Хотя я и начала с коротким диапазоном (вероятно, с тем, что годится для меццо-сопрано), высокий регистр развивался от природы, почти сразу же. И вот сейчас я могу сказать, что голос мой с самого начала определился как драматическое сопрано, и я очень рано спела Сантуццу из «Сельской чести» и заглавную партию в «Сестре Анджелике» в студенческих постановках, а потом и «Тоску» в Афинской опере. Однако продолжавшая опекать меня де Идальго продолжала отрабатывать мой голос, чтобы он звучал легче, ибо это, без сомнения, одно из основных правил бельканто; какой бы тяжестью ни наливался голос, он должен оставаться легким (это не рекомендация всем певцам на все времена, просто мой голос был инструментом скорее необычным, и ему были очень нужны именно такие тренировки) – то есть его гибкость не только надо было постоянно поддерживать в форме, но еще и усиливать упражнениями. Что и делалось – исполнением гамм, трелей, арпеджио и всех украшений бельканто. У пианистов похожий подход. Я овладела всем этим благодаря бесценным упражнениям, сочиненным Конконе и Панофкой – эти чудесные небольшие мелодии превращают тяжелый труд в наслаждение. Хотя вы и всю жизнь обязаны проделывать такие упражнения, выучивать их совершенно необходимо, прежде чем начинать петь на сцене – иначе вы рискуете провалиться.
С другой же стороны, если вы хорошо подготовлены, они прекрасно помогают вам состояться как певцу. Умение и искусство бельканто, подобно особой форме выражения, совершенно уникально – чем больше учишься, тем меньше понимаешь, овладел ли ты мастерством. Возникает все больше проблем и все больше трудностей. Вам необходимо отдавать ему больше любви, больше страсти, ибо это нечто чарующее и незыблемое.

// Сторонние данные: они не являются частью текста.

(* Assume the Population Invariant holds at all times and $n_0$ is sufficiently large (in particular $n_0\ge 40$). Then with high probability, for every interval $(t,t']$, the number $a$ of good IDs that join during the interval satisfies $a\le 23|S(t)|+4$.
   Context: Model. Time is continuous. At each time $x$ the system consists of a finite set $S(x)$ of IDs partitioned into good IDs $G(x)$ and bad IDs $B(x)=S(x)\setminus G(x)$. Membership changes only by join events (a new ID, never previously present, is added) and departure events (one ID removed), each at a distinct time. $|G(x)|\ge n_0$ for all $x$. Whenever a good ID departs (the adversary may choose when), the departing ID is chosen independently and uniformly at random from the set of good IDs currently in the system. Population Invariant: $|B(x)|<\frac16|S(x)|$ for all $x$. $A\triangle B$ is symmetric difference. The system lifetime consists of $n_0^{\gamma}$ join/departure events for a fixed constant $\gamma>0$; ''with high probability'' means with probability at least $1-O(1/n_0)$ over the system lifetime. Intervals: an interval beginning at time $t$ ends at the first time $t'>t$ with $|S(t')\triangle S(t)|\ge\frac58|S(t')|$ (so $|S(t')\triangle S(t)|=\lceil\frac58|S(t')|\rceil$), and the next interval starts at $t'$. *)

From Stdlib Require Import Reals List Arith Lia ClassicalDescription.
Import ListNotations.

Inductive event : Type :=
| EJoin (x : nat) (good : bool)
| EDep (x : nat).

(* Moves of a (deterministic, adaptive) adversary: it chooses a join (ID and
   whether it is good), the departure of a bad ID of its choice, or to trigger
   a good departure, whose departing ID is chosen uniformly at random among
   the good IDs currently present. *)
Inductive move : Type :=
| MJoin (x : nat) (good : bool)
| MDepBad (x : nat)
| MDepGood.

Record config : Type := Config { cS : list nat; cG : list nat }.

Definition memb (x : nat) (l : list nat) : bool := existsb (Nat.eqb x) l.

Definition step (c : config) (e : event) : config :=
  match e with
  | EJoin x b => Config (x :: cS c) (if b then x :: cG c else cG c)
  | EDep x => Config (remove Nat.eq_dec x (cS c)) (remove Nat.eq_dec x (cG c))
  end.

Definition state (S0 G0 : list nat) (h : list event) : config :=
  fold_left step h (Config S0 G0).

(* configuration at "time" k, i.e. after the first k events of h *)
Definition state_at (S0 G0 : list nat) (h : list event) (k : nat) : config :=
  state S0 G0 (firstn k h).

Definition bads (c : config) : list nat :=
  filter (fun x => negb (memb x (cG c))) (cS c).

Definition seen (S0 : list nat) (h : list event) : list nat :=
  S0 ++ flat_map (fun e => match e with EJoin x _ => [x] | EDep _ => [] end) h.

Definition symdiff_size (A B : list nat) : nat :=
  length (filter (fun x => negb (memb x B)) A)
  + length (filter (fun x => negb (memb x A)) B).

Definition end_cond (S0 G0 : list nat) (h : list event) (i j : nat) : Prop :=
  5 * length (cS (state_at S0 G0 h j))
  <= 8 * symdiff_size (cS (state_at S0 G0 h j)) (cS (state_at S0 G0 h i)).

Definition first_end (S0 G0 : list nat) (h : list event) (i j : nat) : Prop :=
  i < j /\ j <= length h /\ end_cond S0 G0 h i j /\
  (forall k, i < k < j -> ~ end_cond S0 G0 h i k).

Inductive boundary (S0 G0 : list nat) (h : list event) : nat -> Prop :=
| boundary0 : boundary S0 G0 h 0
| boundaryS : forall i j, boundary S0 G0 h i -> first_end S0 G0 h i j ->
    boundary S0 G0 h j.

Definition interval (S0 G0 : list nat) (h : list event) (i j : nat) : Prop :=
  boundary S0 G0 h i /\ first_end S0 G0 h i j.

(* number of good IDs joining during (i, j]: events number i+1 .. j *)
Definition good_joins (h : list event) (i j : nat) : nat :=
  length (filter (fun e => match e with EJoin _ true => true | _ => false end)
                 (firstn (j - i) (skipn i h))).

(* Histories reachable under adversary A (any outcome of the random choices) *)
Inductive reachable (S0 G0 : list nat) (A : list event -> move)
  : list event -> Prop :=
| reach_nil : reachable S0 G0 A []
| reach_join : forall h x b, reachable S0 G0 A h -> A h = MJoin x b ->
    reachable S0 G0 A (h ++ [EJoin x b])
| reach_depbad : forall h x, reachable S0 G0 A h -> A h = MDepBad x ->
    reachable S0 G0 A (h ++ [EDep x])
| reach_depgood : forall h x, reachable S0 G0 A h -> A h = MDepGood ->
    In x (cG (state S0 G0 h)) -> reachable S0 G0 A (h ++ [EDep x]).

(* Standing assumptions for a lifetime of L events: the initial configuration
   is well formed; at every reachable time |G| >= n0 and the Population
   Invariant |B| < |S|/6 hold; joins use IDs never previously present; bad
   departures remove a bad ID currently present. *)
Definition valid (n0 L : nat) (S0 G0 : list nat) (A : list event -> move)
  : Prop :=
  NoDup S0 /\ NoDup G0 /\ incl G0 S0 /\
  forall h, reachable S0 G0 A h -> length h <= L ->
    n0 <= length (cG (state S0 G0 h)) /\
    6 * length (bads (state S0 G0 h)) < length (cS (state S0 G0 h)) /\
    (length h < L ->
      match A h with
      | MJoin x _ => ~ In x (seen S0 h)
      | MDepBad x => In x (bads (state S0 G0 h))
      | MDepGood => True
      end).

Definition indicator (P : Prop) : R :=
  if excluded_middle_informative P then 1%R else 0%R.

Fixpoint prob (S0 G0 : list nat) (A : list event -> move)
  (P : list event -> Prop) (n : nat) (h : list event) : R :=
  match n with
  | O => indicator (P h)
  | S n' =>
      match A h with
      | MJoin x b => prob S0 G0 A P n' (h ++ [EJoin x b])
      | MDepBad x => prob S0 G0 A P n' (h ++ [EDep x])
      | MDepGood =>
          let g := cG (state S0 G0 h) in
          (/ INR (length g) *
           fold_right (fun x acc => prob S0 G0 A P n' (h ++ [EDep x]) + acc)
                      0 g)%R
      end
  end.

Definition some_interval_too_many_joins (S0 G0 : list nat) (h : list event)
  : Prop :=
  exists i j, interval S0 G0 h i j /\
    23 * length (cS (state_at S0 G0 h i)) + 4 < good_joins h i j.

(* Fix a start time t with reference set S(t) of size s.  While
   the interval is open, |S \ S(t)| + |S(t) \ S| < (5/8)|S|, and the
   Population Invariant gives |S| < (6/5)|G|; so fewer than 3/4 of the good
   IDs are new, and the weight w = |G \ S(t)| + 6 |S(t) \ S| stays below 10 s.
   The potential (9/8)^(g - w - 12 s), g the number of good joins so far, is a
   supermartingale: good joins leave the exponent unchanged, bad departures
   lower it, and a uniformly random good departure lowers it by 6 with
   probability > 1/4 and raises it by 1 otherwise.  It starts at most at
   (9/8)^(-12 n0) and exceeds 1 as soon as g >= 23 s + 4.  Capping it at 1
   and summing over the L start times gives a supermartingale dominating the
   bad event, so its probability is at most L (9/8)^(-12 n0) <= C / n0 when
   L <= n0^gamma. *)

From Stdlib Require Import Reals List Arith Lia Lra ZArith ClassicalDescription.
Import ListNotations.

Lemma memb_In x l : memb x l = true <-> In x l.
Proof.
  unfold memb. rewrite existsb_exists. split.
  - intros [y [Hy E]]. apply Nat.eqb_eq in E. subst. exact Hy.
  - intros H. exists x. split; [exact H | apply Nat.eqb_refl].
Qed.

Definition notin (l : list nat) (y : nat) : bool := negb (memb y l).

Lemma notin_true l y : notin l y = true <-> ~ In y l.
Proof.
  unfold notin. rewrite <- memb_In. destruct (memb y l); simpl; intuition congruence.
Qed.

Lemma notin_false l y : notin l y = false <-> In y l.
Proof.
  unfold notin. rewrite <- memb_In. destruct (memb y l); simpl; intuition congruence.
Qed.

Lemma filter_length_mono {T} (f g : T -> bool) l :
  (forall y, In y l -> f y = true -> g y = true) ->
  length (filter f l) <= length (filter g l).
Proof.
  induction l as [|a l IH]; simpl; intros H; auto.
  destruct (f a) eqn:Ea.
  - rewrite (H a (or_introl eq_refl) Ea). simpl. apply le_n_S, IH; auto.
  - destruct (g a); simpl; [apply le_S|]; apply IH; auto.
Qed.

Lemma filter_length_mono_strict {T} (f g : T -> bool) l z :
  (forall y, In y l -> f y = true -> g y = true) ->
  In z l -> g z = true -> f z = false ->
  length (filter f l) < length (filter g l).
Proof.
  induction l as [|a l IH]; simpl; intros H Hz Gz Fz; [contradiction|].
  assert (Hl : forall y, In y l -> f y = true -> g y = true) by auto.
  destruct Hz as [<-|Hz].
  - rewrite Fz, Gz. simpl. pose proof (filter_length_mono f g l Hl). lia.
  - specialize (IH Hl Hz Gz Fz).
    destruct (f a) eqn:Ea; [rewrite (H a (or_introl eq_refl) Ea)|destruct (g a)];
      simpl; lia.
Qed.

Lemma filter_length_incl (f : nat -> bool) l l' :
  NoDup l -> incl (filter f l) l' -> length (filter f l) <= length l'.
Proof. intros. apply NoDup_incl_length; auto. apply NoDup_filter; auto. Qed.

Lemma NoDup_remove_elt x l : NoDup l -> NoDup (remove Nat.eq_dec x l).
Proof. intros. rewrite <- remove_alt. apply NoDup_filter. assumption. Qed.

Lemma filter_remove_rejected (f : nat -> bool) x l :
  f x = false -> filter f (remove Nat.eq_dec x l) = filter f l.
Proof.
  intros Hf. induction l as [|a l IH]; simpl; auto.
  destruct (Nat.eq_dec x a) as [<-|]; simpl.
  - rewrite Hf. exact IH.
  - destruct (f a); simpl; congruence.
Qed.

Lemma filter_remove_length (f : nat -> bool) x l : NoDup l ->
  length (filter f l) <= length (filter f (remove Nat.eq_dec x l)) + 1.
Proof.
  induction 1 as [|a l Ha Hl IH]; simpl; auto.
  destruct (Nat.eq_dec x a) as [<-|].
  - rewrite notin_remove by exact Ha. destruct (f x); simpl; lia.
  - simpl. destruct (f a); simpl; lia.
Qed.

Lemma firstn_snoc {T} k (h : list T) e :
  k <= length h -> firstn k (h ++ [e]) = firstn k h.
Proof.
  intros Hk. rewrite firstn_app. replace (k - length h) with 0 by lia.
  simpl. apply app_nil_r.
Qed.

Lemma state_snoc S0 G0 h e : state S0 G0 (h ++ [e]) = step (state S0 G0 h) e.
Proof. unfold state. rewrite fold_left_app. reflexivity. Qed.

Lemma state_at_snoc S0 G0 h e k : k <= length h ->
  state_at S0 G0 (h ++ [e]) k = state_at S0 G0 h k.
Proof. intros. unfold state_at. rewrite firstn_snoc; auto. Qed.

Lemma state_at_length S0 G0 h : state_at S0 G0 h (length h) = state S0 G0 h.
Proof. unfold state_at. rewrite firstn_all. reflexivity. Qed.

Definition good_join (e : event) : nat :=
  match e with EJoin _ true => 1 | _ => 0 end.

Lemma good_join_le_1 e : good_join e <= 1.
Proof. destruct e as [? [|]|]; simpl; lia. Qed.

Lemma good_joins_snoc h e i j : i <= j <= length h ->
  good_joins (h ++ [e]) i j = good_joins h i j.
Proof.
  intros Hij. unfold good_joins. rewrite skipn_app.
  replace (i - length h) with 0 by lia. simpl.
  rewrite firstn_app, length_skipn.
  replace (j - i - (length h - i)) with 0 by lia.
  simpl. rewrite app_nil_r. reflexivity.
Qed.

Lemma good_joins_last h e i : i <= length h ->
  good_joins (h ++ [e]) i (length (h ++ [e]))
  = good_joins h i (length h) + good_join e.
Proof.
  intros Hi. unfold good_joins. rewrite skipn_app, length_app.
  replace (i - length h) with 0 by lia. cbn [skipn].
  rewrite firstn_all2 by (rewrite length_app, length_skipn; cbn [length]; lia).
  rewrite (firstn_all2 (n := length h - i) (skipn i h))
    by (rewrite length_skipn; lia).
  rewrite filter_app, length_app. f_equal. destruct e as [x [|]|x]; reflexivity.
Qed.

Могу сказать, что, уехав из Греции, я покончила со школярством и ранним подготовительным периодом своих выступлений. С того времени я более или менее поняла, исходя из того, что могла делать, что именно должна была делать. Короче говоря, я была готова начинать карьеру, что означало – я была признана цехом. Учиться у Идальго было равносильно и школьному, и университетскому образованиям, а у Серафина – все равно что в самой высшей школе и знаменовало окончание всего обучения. У Серафина я научилась тому, что отныне все мои вокальные возможности уже не должны ограничиваться изучением бельканто, а теперь следовало пользоваться ими как способом объединения звука, выразительности и сценического жеста. «Вам дан инструмент, – сказал мне он, – на котором вы упражняетесь во время репетиций, как пианист на пианино, но по ходу спекталей старайтесь забыть все, чему вы научились, а просто выражайте пением свою душу». Еще я научилась следить за тем, чтобы по ходу спектакля не поддаться наваждению, вызванному красотой представления; расслабляясь, вы теряете контроль. Ваша цель – стать главным инструментом оркестра (что и означает определение «примадонна»), и посвятить себя служению музыке и искусству, и по-настоящему только это. Искусство есть способность выражать жизнь с помощью чувств. Так во всех искусствах – в танце, литературе, живописи. Пусть художник и освоил технику рисунка – у него не выйдет достойного результата, если созданная им живопись не окажется произведением искусттва. Именно Серафин научил меня смыслу искусства и стал моим вожатым в открытии самой себя. Талантливый музыкант и великий дирижер, Серафин был еще и на редкость тонким педагогом – в области не только сольфеджио, но и музыкальной фразировки и драматической выразительности. Без его уроков и советов, которые всегда со мной, я, наверное, никогда не постигла бы сути искусства. Он раскрыл мне глаза, показав, что в музыке нет ничего случайного: фиоритуры, трели и все музыкальные украшения позволяют композитору выражать состояние души оперных персонажей – то, что они в данный момент чувствуют, овладевшие ими мимолетные эмоции. А вот если эти украшения использованы поверхностно, чтобы только похвалиться голосом, тогда они дадут противоположный эффект. Они даже способны просто разрушить характер персонажа, который следовало бы аккуратно выстраивать.